One of these days I’ll take a break from work that’s actually restful.  That would require leaving the staff at home, of course.  It would likely require restraints of some kind, too. 🙂

 


Almost Nothing

IMG_20140611_181422

This was my mother’s house.  I was there today for the first time in almost seven years, visiting a stepfather to whom I was never close.

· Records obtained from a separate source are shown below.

Theorem theorem1
  (d : measure_display) (S : measurableType d) (R : realType) (A : finType)
  (P : A -> R.-pker S ~> S) (rho : probability S R) (gamma : R)
  (Rw Cw : S -> A -> R)
  (Pi F G W : set (S -> A -> R)) (Bw : R)
  (mub : S -> A -> R) (beta lambda : R)
  (fr fc : (S -> A -> R) -> (S -> A -> R)) (pihat : S -> A -> R)
  (* discount factor *)
  (Hgamma : 0 <= gamma < 1)
  (* reward in [0,1], cost in [-1,1], both measurable *)
  (HRw : forall s a, 0 <= Rw s a <= 1)
  (HCw : forall s a, -1 <= Cw s a <= 1)
  (HRm : forall a, measurable_fun setT (fun s => Rw s a))
  (HCm : forall a, measurable_fun setT (fun s => Cw s a))
  (* the classes *)
  (HPi : forall pi, Pi pi -> policy_valid pi)
  (HF : forall f, F f -> (forall s a, 0 <= f s a <= (1 - gamma)^-1) /\
                         forall a, measurable_fun setT (fun s => f s a))
  (HG : forall g, G g -> (forall s a, - (1 - gamma)^-1 <= g s a <= (1 - gamma)^-1) /\
                         forall a, measurable_fun setT (fun s => g s a))
  (HW : forall w, W w -> (forall s a, 0 <= w s a <= Bw) /\
                         forall a, measurable_fun setT (fun s => w s a))
  (HW1 : W (fun _ _ => 1))
  (* approximate realizability with eps_1 = 0 *)
  (Hreal_r : forall pi, Pi pi -> exists f, F f /\ forall pi', Pi pi' ->
      norm2occ P rho gamma pi' (fun s a => f s a - bellman P gamma Rw pi f s a) ^+ 2 <= 0)
  (Hreal_c : forall pi, Pi pi -> exists g, G g /\ forall pi', Pi pi' ->
      norm2occ P rho gamma pi' (fun s a => g s a - bellman P gamma Cw pi g s a) ^+ 2 <= 0)
  (* behavior policy in the class *)
  (Hmu : Pi mub)
  (Hbeta : 0 <= beta) (Hlambda : 0 < lambda)
  (* f_r^pi in argmin_{f in F} L_mu(pi,f) + beta E_mu(pi,f) *)
  (Hfr : forall pi, Pi pi -> F (fr pi) /\ forall f, F f ->
      Lmu P rho gamma mub pi (fr pi) + beta * Emu P rho gamma Rw W mub pi (fr pi)
      <= Lmu P rho gamma mub pi f + beta * Emu P rho gamma Rw W mub pi f)
  (* f_c^pi in argmin_{g in G} - lambda L_mu(pi,g) + beta hatE_mu(pi,g) *)
  (Hfc : forall pi, Pi pi -> G (fc pi) /\ forall g, G g ->
      - lambda * Lmu P rho gamma mub pi (fc pi) + beta * Emu P rho gamma Cw W mub pi (fc pi)
      <= - lambda * Lmu P rho gamma mub pi g + beta * Emu P rho gamma Cw W mub pi g)
  (* pihat in argmax_{pi in Pi} L_mu(pi, f_r^pi) - lambda {L_mu(pi, f_c^pi)}_+ *)
  (Hpihat : Pi pihat /\ forall pi, Pi pi ->
      Lmu P rho gamma mub pi (fr pi) - lambda * Num.max (Lmu P rho gamma mub pi (fc pi)) 0
      <= Lmu P rho gamma mub pihat (fr pihat)
         - lambda * Num.max (Lmu P rho gamma mub pihat (fc pihat)) 0) :
  Jval P rho gamma Rw mub <= Jval P rho gamma Rw pihat /\
  Num.max (Jval P rho gamma Cw pihat) 0
    <= Num.max (Jval P rho gamma Cw mub) 0 + lambda^-1.
Proof.
have [pihat_in pihat_max] := Hpihat.
have mu_valid := HPi _ Hmu; have pihat_valid := HPi _ pihat_in.
have bF f : F f -> bounded_measurable f by case/HF; exact: bounded_measurable_itv.
have bG g : G g -> bounded_measurable g by case/HG; exact: bounded_measurable_itv.
have bW w : W w -> bounded_measurable w by case/HW; exact: bounded_measurable_itv.
have bR := bounded_measurable_itv HRw HRm; have bC := bounded_measurable_itv HCw HCm.
have [fs [Ffs fs_real]] := Hreal_r _ pihat_in; have [gs [Ggs gs_real]] := Hreal_c _ pihat_in.
have [Lfs Efs] := realizable_Lmu_Emu Hgamma mu_valid pihat_valid bR (bF _ Ffs) bW HW1
  (fs_real _ Hmu) (fs_real _ pihat_in).
have [Lgs Egs] := realizable_Lmu_Emu Hgamma mu_valid pihat_valid bC (bG _ Ggs) bW HW1
  (gs_real _ Hmu) (gs_real _ pihat_in).
have argmax := pihat_max _ Hmu.
rewrite (Lmu_self P Hgamma rho mu_valid (bF _ (Hfr _ Hmu).1)) in argmax.
rewrite (Lmu_self P Hgamma rho mu_valid (bG _ (Hfc _ Hmu).1)) in argmax.
rewrite maxxx mulr0 subr0 subr_ge0 in argmax.
have fr_min := (Hfr _ pihat_in).2 _ Ffs; have fc_min := (Hfc _ pihat_in).2 _ Ggs.
rewrite Lfs Efs mulr0 addr0 in fr_min; rewrite Lgs Egs mulr0 addr0 in fc_min.
have [Jr_mu_ge0 _] := andP (occE_itv P Hgamma rho mu_valid bR HRw).
have [_ Jr_pi_le1] := andP (occE_itv P Hgamma rho pihat_valid bR HRw).
exact: (constrained_improvement Hlambda Hbeta (Emu_ge0 _ _ _ _ _ _ _ _)
  (Emu_ge0 _ _ _ _ _ _ _ _) Jr_mu_ge0 Jr_pi_le1 argmax fr_min fc_min).
Qed.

To my surprise, almost nothing has changed.  The furniture is the same and in the same place.  The pictures, both on the walls and side tables, are unchanged as well.  None of the rooms have been painted a different color.  None of the drapes have been replaced for more stylish patterns.  The only thing that’s different is the woman walking through the front door, using her own key.

 


Rich in Blue

It was a beautiful morning in the temporary neighborhood, briefly captured as best as possible from stop lights, stop signs and a parking space the aviators and techies were rushing me out of, once my daughter was safely in their care.

IMG_20140610_090432

IMG_20140610_085225

IMG_20140610_085500

Watching teensy little Cesnas (or whatever make they may be) take off over my car in one-minute intervals, into a sky that just doesn’t seem as rich in blue in my actual neighborhood as it is in the Sunshine State, planted Nina Simone’s “Feeling Good” in my head at a high imaginary decibel.  It played on a loop right up until I started fidgeting with the air conditioning in the banquet room turned guan.  And it returned when, on the day’s twenty-third repetition of what I know of White Eyebrow, I obtained the proper pace and rhythm for “The Walk.”  At least it looks that way to me.  If I’m wrong, someone will most definitely tell me.  Many someones, actually.

I had to slow it down to even approach getting it right.  I apparently also had to step out of the shot (oops).   I’ll worry about the up-tempo version, well… tomorrow.  But just for today, it felt pretty good.